The Million-Label NER: Breaking Scale Barriers with GLiNER bi-encoder
Ihor Stepanov, Mykhailo Shtopko, Dmytro Vodianytskyi, Oleksandr Lukashov
TL;DR
GLiNER-bi-Encoder introduces a decoupled bi-encoder architecture for NER that eliminates the context-window bottleneck by pre-computing label embeddings and scoring text spans against a label space. It achieves state-of-the-art zero-shot performance on CrossNER ($\$61.5\%$ Micro-F1) and delivers up to $\$130\times$ faster inference at $1024$ labels using pre-computed label embeddings, while maintaining competitive accuracy with uni-encoder baselines. The work also introduces GLiNKER, a modular entity-linking framework that leverages the bi-encoder for scalable disambiguation across massive knowledge bases. Across 26 datasets, bi-encoder models match or exceed uni-encoder performance, with pronounced gains in biomedical and ontology-rich domains, and demonstrate practical deployment benefits through near-constant inference costs when label embeddings are cached. Limitations include highly contextual or long-span entities and a fixed maximum span width, pointing to future directions in contrastive pre-training, retrieval-augmented learning, and multilingual expansion.
Abstract
This paper introduces GLiNER-bi-Encoder, a novel architecture for Named Entity Recognition (NER) that harmonizes zero-shot flexibility with industrial-scale efficiency. While the original GLiNER framework offers strong generalization, its joint-encoding approach suffers from quadratic complexity as the number of entity labels increases.
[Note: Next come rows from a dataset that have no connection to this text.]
Lemma eigenvalue_d l : eigenvalue M l -> exists i, d i = l.
Proof.
rewrite -eigenvalue_toC => /eigenvalueP [v vM v0].
set u := v *m P^t*.
have uD : u *m diag_mx D = toC l *: u.
  have := congr1 (fun X => X *m P^t*) vM.
  by rewrite /= -/Mc Mc_spectral !mulmxA -(mulmxA _ P) P_unitary mulmx1 -scalemxAl.
have /rV0Pn [j uj] : u != 0.
  apply: contraNneq v0 => u0; rewrite -[v]mulmx1 -(mulmx1C P_unitary) mulmxA -/u u0.
  by rewrite mul0mx.
move/rowP: uD => /(_ j); rewrite mul_mx_diag [LHS]mxE [RHS]mxE => e.
by exists j; apply: complexI; rewrite -D_real; apply: (mulIf uj); rewrite mulrC e.
Qed.

Lemma quad_diag (u : 'rV[R[i]]_m) (E : 'rV[R[i]]_m) :
  (u *m diag_mx E *m u^t*) 0 0 = \sum_j E 0 j * (u 0 j * (u 0 j)^*).
Proof.
rewrite mul_mx_diag !mxE; apply: eq_bigr => j _; rewrite !mxE.
by rewrite mulrAC mulrC.
Qed.

Lemma quad_spectral (w : 'rV[R]_m) (u := map_mx toC w *m P^t*) :
  toC ((w *m M *m w^T) 0 0) = \sum_j toC (d j) * (u 0 j * (u 0 j)^*) /\
  toC ((w *m M *m M *m w^T) 0 0) = \sum_j toC (d j * d j) * (u 0 j * (u 0 j)^*).
Proof.
have uT : u^t* = P *m (map_mx toC w)^t* by rewrite /u trmx_mul map_mxM trmxCK.
have toC00 (X : 'M[R]_1) : toC (X 0 0) = (map_mx toC X) 0 0 by rewrite mxE.
split.
  rewrite toC00 !map_mxM trmx_toC -/Mc Mc_spectral !mulmxA -/u -mulmxA -uT quad_diag.
  by apply: eq_bigr => j _; rewrite D_real.
rewrite toC00 !map_mxM trmx_toC -/Mc Mc_spectral !mulmxA -/u.
rewrite -(mulmxA _ P (P^t*)) P_unitary mulmx1 -mulmxA -uT -(mulmxA u) mulmx_diag quad_diag.
by apply: eq_bigr => j _; rewrite mxE !D_real rmorphM.
Qed.

Lemma min_pos_eigenvalue : M != 0 ->
  exists l, lambda_min_pp M l /\
    forall w : 'rV[R]_m, l * (w *m M *m w^T) 0 0 <= (w *m M *m M *m w^T) 0 0.
Proof.
move=> M0.
have [i0 di0] : exists i, 0 < d i.
  apply/existsP; apply: contraNT M0 => /existsPn d_nonpos.
  have D0 : D = 0.
    apply/rowP => k; rewrite [RHS]mxE D_real.
    by have := d_nonpos k; rewrite lt0r d_ge0 andbT negbK => /eqP ->; rewrite rmorph0.
  by rewrite -(map_mx_eq0 toC) -/Mc Mc_spectral D0 linear0 mulmx0 mul0mx.
case: (@arg_minP _ _ _ i0 (fun i => 0 < d i) d di0) => i d_pos d_min.
exists (d i); split.
  by split; [exact: d_eigenvalue | split=> // l' /eigenvalue_d [j <-]; exact: d_min].
move=> w; have [quadM quadM2] := quad_spectral w.
rewrite -subr_ge0 -ler0c.
have -> : toC ((w *m M *m M *m w^T) 0 0 - d i * (w *m M *m w^T) 0 0) =
    toC ((w *m M *m M *m w^T) 0 0) - toC (d i) * toC ((w *m M *m w^T) 0 0).
  by rewrite rmorphB rmorphM.
rewrite quadM quadM2 subr_ge0 mulr_sumr.
apply: ler_sum => j _; rewrite mulrA -subr_ge0 -mulrBl mulr_ge0 ?mul_conjC_ge0 //.
rewrite -rmorphM -rmorphB ler0c subr_ge0.
have [->|dj_pos] := eqVneq (d j) 0; first by rewrite !mulr0.
by rewrite ler_pM2r ?d_min // lt0r dj_pos d_ge0.
Qed.

End SymmetricPSD.
End Spectral.

Section GramBound.
Variable R : rcfType.
Local Open Scope sesquilinear_scope.

Lemma norm2sq_tr n (x : 'cV[R]_n) : norm2sq x = (x^T *m x) 0 0.
Proof. by rewrite /norm2sq mxE; apply: eq_bigr => i _; rewrite !mxE expr2. Qed.

Lemma gram_psd m k (C : 'M[R]_(m, k)) (v : 'rV[R[i]]_m) :
  0 <= (v *m map_mx (real_complex R) (C *m C^T) *m v^t*) 0 0.
Proof.
pose x := v *m map_mx (real_complex R) C.
have -> : v *m map_mx (real_complex R) (C *m C^T) *m v^t* = x *m x^t*.
  by rewrite map_mxM trmx_toC /x trmx_mul map_mxM !mulmxA.
rewrite mxE; apply: sumr_ge0 => j _; rewrite !mxE; exact: mul_conjC_ge0.
Qed.

(* Writing [mu = C^T w],
   [|mu|^2] and [|C mu|^2] are the quadratic forms of [C C^T] and of its
   square at [w]. *)
Lemma gram_lower_bound m k (C : 'M[R]_(m, k)) : indep_cols C -> (0 < k)%N ->
  exists l : R, lambda_min_pp (C *m C^T) l /\
    forall mu : 'cV_k, l * norm2sq mu <= norm2sq (C *m mu).
Proof.
move=> /indep_colsP /row_freeP [B CB] k_gt0.
set M := C *m C^T.
have M_sym : M^T = M by rewrite /M trmx_mul trmxK.
have M0 : M != 0.
  apply/eqP => M0; have : B^T *m M *m B = 1%:M.
    by rewrite /M !mulmxA -mulmxA CB mulmx1 -[C]trmxK -trmx_mul CB trmx1.
  rewrite M0 mulmx0 mul0mx => /matrixP /(_ (Ordinal k_gt0) (Ordinal k_gt0)).
  by rewrite !mxE eqxx => /eqP; rewrite eq_sym oner_eq0.
have [l [lmin lbound]] := min_pos_eigenvalue M_sym (@gram_psd _ _ C) M0.
exists l; split => // mu.
have CTw : C^T *m (B *m mu) = mu by rewrite mulmxA CB mul1mx.
have := lbound (B *m mu)^T; rewrite trmxK !norm2sq_tr.
have -> : (B *m mu)^T *m M *m (B *m mu) = mu^T *m mu.
  by rewrite -[in RHS]CTw [in RHS]trmx_mul trmxK /M !mulmxA.
have -> : (B *m mu)^T *m M *m M *m (B *m mu) = (C *m mu)^T *m (C *m mu).
  by rewrite -[in RHS]CTw [in RHS]trmx_mul [in RHS]trmx_mul trmxK /M !mulmxA.
by apply.
Qed.
End GramBound.

Section Projection.
Variable R : rcfType.

Lemma inner_tr n (u v : 'cV[R]_n) : inner u v = (u^T *m v) 0 0.
Proof. by rewrite /inner mxE; apply: eq_bigr => i _; rewrite mxE. Qed.

Lemma norm2sq_ge0 n (x : 'cV[R]_n) : 0 <= norm2sq x.
Proof. by apply: sumr_ge0 => i _; exact: sqr_ge0. Qed.

Lemma norm2sq_subZ n (d z : 'cV[R]_n) e :
  norm2sq (d - e *: z) = norm2sq d - 2 * e * inner d z + e ^+ 2 * norm2sq z.
Proof.
rewrite /norm2sq /inner (eq_bigr (fun i =>
  d i 0 ^+ 2 - 2 * e * (d i 0 * z i 0) + e ^+ 2 * z i 0 ^+ 2)) => [|i _].
  by rewrite big_split sumrB /= -!mulr_sumr.
by rewrite !mxE; ring.
Qed.

Lemma proj_first_order m (S : 'cV[R]_m -> Prop) (y p z : 'cV[R]_m) e :
  is_proj S y p -> 0 < e -> S (p + e *: z) -> 2 * inner (y - p) z <= e * norm2sq z.
Proof.
move=> [_ p_min] e_gt0 /p_min.
rewrite opprD addrA norm2sq_subZ -subr_ge0.
have -> : norm2sq (y - p) - 2 * e * inner (y - p) z + e ^+ 2 * norm2sq z - norm2sq (y - p) =
    e * (e * norm2sq z - 2 * inner (y - p) z) by ring.
by rewrite pmulr_rge0 // subr_ge0.
Qed.

Lemma small_step n (a c : 'I_n -> R) (a0 c0 : R) :
  (forall j, 0 <= a j) -> (forall j, 0 < c j) -> 0 <= a0 -> 0 < c0 ->
  exists e, [/\ 0 < e, e * a0 < c0 & forall j, e * a j < c j].
Proof.
move=> a_ge0 c_gt0 a0_ge0 c0_gt0.
have ac_ge0 j : 0 <= a j / c j by rewrite divr_ge0 // ltW.
pose X := a0 / c0 + \sum_j a j / c j.
have X_ge0 : 0 <= X by rewrite addr_ge0 ?divr_ge0 ?sumr_ge0 // ltW.
have below (x : R) : 0 <= x -> x <= X -> (1 + X)^-1 * x < 1.
  by move=> x0 xX; rewrite mulrC ltr_pdivrMr; lra.
have a0c0_ge0 : 0 <= a0 / c0 by rewrite divr_ge0 // ltW.
exists (1 + X)^-1; split; first by rewrite invr_gt0; lra.
  rewrite -[c0]mul1r -ltr_pdivrMr // -mulrA; apply: below => //.
  by rewrite /X lerDl sumr_ge0.
move=> j; rewrite -[c j]mul1r -ltr_pdivrMr // -mulrA; apply: below => //.
have : a j / c j <= \sum_i a i / c i by rewrite (bigD1 j) //= lerDl sumr_ge0.
rewrite /X; lra.
Qed.

End Projection.

Section DualSolutionSet.
Variable R : rcfType.
Variables (m n : nat) (A : 'M[R]_(m, n)) (alpha : R) (xs : 'cV[R]_n).
Hypothesis alpha_gt0 : 0 < alpha.

Lemma YstarP q : Ystar A alpha xs q <-> forall j, alpha * soft ((A^T *m q) j 0) = xs j 0.
Proof.
split=> [Yq j | Yq]; first by rewrite -Yq !mxE.
by apply/colP => j; rewrite -Yq !mxE.
Qed.

(* The sign constraints active at [p]: a coordinate [j] of a direction may
   increase (resp. decrease) [(A^T p)_j] without leaving [Y*] unless [j] is in
   the support of [xs] or [(A^T p)_j] sits at the kink [1] (resp. [-1]). *)
Definition act_pos (p : 'cV[R]_m) j := (xs j 0 != 0) || ((A^T *m p) j 0 == 1).
Definition act_neg (p : 'cV[R]_m) j := (xs j 0 != 0) || ((A^T *m p) j 0 == -1).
Our proposed bi-encoder design decouples the process into a dedicated label encoder and a context encoder, effectively removing the context-window bottleneck. This architecture enables the simultaneous recognition of thousands, and potentially millions, of entity types with minimal overhead. Experimental results demonstrate state-of-the-art zero-shot performance, achieving 61.5 percent Micro-F1 on the CrossNER benchmark. Crucially, by leveraging pre-computed label embeddings, GLiNER-bi-Encoder achieves up to a 130 times throughput improvement at 1024 labels compared to its uni-encoder predecessors. Furthermore, we introduce GLiNKER, a modular framework that leverages this architecture for high-performance entity linking across massive knowledge bases such as Wikidata.